Liputan6.com, Jakarta Palang Merah Indonesia (PMI) mengaku kebanjiran permintaan plasma konvalesen (PK) untuk pasien Covid-19. Sekretaris Jenderal (Sekjen) PMI Sudirman Said mengaku, pada Juli 2021, permintaan plasma konvalesen meningkat sekitar 300 persen.
Pada Juni permintaan harian PK berkisar 1.000 kantong, sementara pada Juli meningkat hingga 3.000 lebih.
Baca Juga
"Data terakhir, permintaannya mencapai 4.006, sementara persediaan atau stoknya sejumlah 96. Yang belum terpenuhi itu boleh jadi karena tidak tersedia golongannya dan sebagainya," terang Sudirman Said dalam konferensi pers soal donor plasma konvalesen, Rabu (21/7/2021).
Advertisement
Untuk itu, pihaknya meningkatkan pelayanan plasma konvalesen. Prosedur permintaan dan donor PK hingga kerja sama dengan rumah sakit ditingkatkan demi memudahkan masyarakat. Kampanye donor PK juga digalakkan PMI untuk memenuhi lonjakan kebutuhan tersebut.
Dia menjelaskan, Unit Donor Darah Pusat (UDDP) PMI telah menyesuaikan sejumlah syarat dan ketentuan untuk memudahkan donor. Misalnya, PMI menggantikan syarat hasil tes PCR calon donor dengan surat sehat dari fasilitas kesehatan (faskes) atau rumah sakit yang merawat calon donor tersebut.
"Secara umum, kami mengubah alur dan prosedur untuk memudahkan calon pendonor," kata Sudirman Said.

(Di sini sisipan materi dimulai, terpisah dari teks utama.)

Definition zero_or_unit (R : realType) (z : R[i]) : bool :=
  (z == 0) || (`|z| == 1).

Definition unit_weighing_matrix (R : realType) n (k : nat) (W : 'M[R[i]]_n)
  : Prop :=
  (forall i j, zero_or_unit (W i j)) /\ W *m ctrmx W = (k%:R)%:M.

Definition quasi_unbiased (R : realType) n (k l : nat) (a : R)
  (W1 W2 : 'M[R[i]]_n) : Prop :=
  [/\ unit_weighing_matrix k W1, unit_weighing_matrix k W2 &
      unit_weighing_matrix l (((Num.sqrt a)^-1)%:C *: (W1 *m ctrmx W2))].

Definition mutually_quasi_unbiased (R : realType) n (k l : nat) (a : R)
  (I : finType) (W : I -> 'M[R[i]]_n) : Prop :=
  forall i j, i != j -> quasi_unbiased k l a (W i) (W j).

(* A formal unit design in u indeterminates: each entry is either 0 (None)
   or eps * x_l (Some (eps, l)) with eps in T. *)
Definition udesign (R : realType) (n u : nat) := 'M[option (R[i] * 'I_u)]_n.

Definition udesign_eval (R : realType) n u (D : udesign R n u)
  (x : 'I_u -> R) : 'M[R[i]]_n :=
  \matrix_(i, j) match D i j with
                 | None => 0
                 | Some (e, l) => e * (x l)%:C
                 end.

Definition udesign_coeffs_unit (R : realType) n u (D : udesign R n u) : Prop :=
  forall i j e l, D i j = Some (e, l) -> `|e| = 1.

Definition unit_orthogonal_design (R : realType) n u (s : 'I_u -> nat)
  (D : udesign R n u) : Prop :=
  udesign_coeffs_unit D /\
  forall x : 'I_u -> R,
    udesign_eval D x *m ctrmx (udesign_eval D x)
    = ((\sum_(l < u) (s l)%:R * x l ^+ 2)%:C)%:M.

PMI telah menggalakkan kampanye donor plasma konvalesen untuk mengatasi defisit plasma darah penyintas Covid-19. Melalui berbagai saluran, PMI mengajak para penyintas covid-19 mendonorkan plasma darahnya di UDD PMI terdekat.
"Kami punya 42 UDD di seluruh Indonesia yang telah tersertifikasi CPOB (Cara Pembuatan Obat yang Benar). Jumlah alatnya beragam di masing-masing daerah, ada yang lebih dari satu, ada yang hanya satu," imbuhnya.
Saksikan Video Pilihan di Bawah Ini:
Kerja Sama dengan RS
Untuk meningkatkan layanan PK, PMI juga bekerja sama dengan rumah sakit yang memiliki fasilitas donor PK. Kepala Bidang UDD PMI Pusat Dokter Linda Lukitari Waseso menjelaskan, pembagian tugas dalam donor PK dengan RS ini demi memangkas waktu pengolahan.
"Ini (kerja sama pengolahan PK) dilakukan di beberapa wilayah. Pembagiannya, misalnya RS yang mengambil plasma tersebut dari donor, kami yang melakukan pemeriksaan darah sebelum diambil plasmanya," terang Dokter Linda.
Seperti pengolahan darah, pengolahan PK juga dikenakan biaya pengganti pengolahan. Linda menjelaskan, biaya ini berlaku secara nasional di seluruh UDD PMI, biaya tersebut paling tinggi sejumlah Rp 2.500.000. Biaya ini, lanjutnya, ditagihkan ke RS tempat pasien dirawat.
“Beberapa dilaporkan, ada pungli dan sebagainya. Saya tegaskan, PMI tidak memungut biaya lain selain biaya pengganti pengolahan dan tidak memperjualbelikannya. Saya juga mengimbau masyarakat waspada terhadap penipuan yang mengatasnamakan PMI,” tukas Dokter Linda.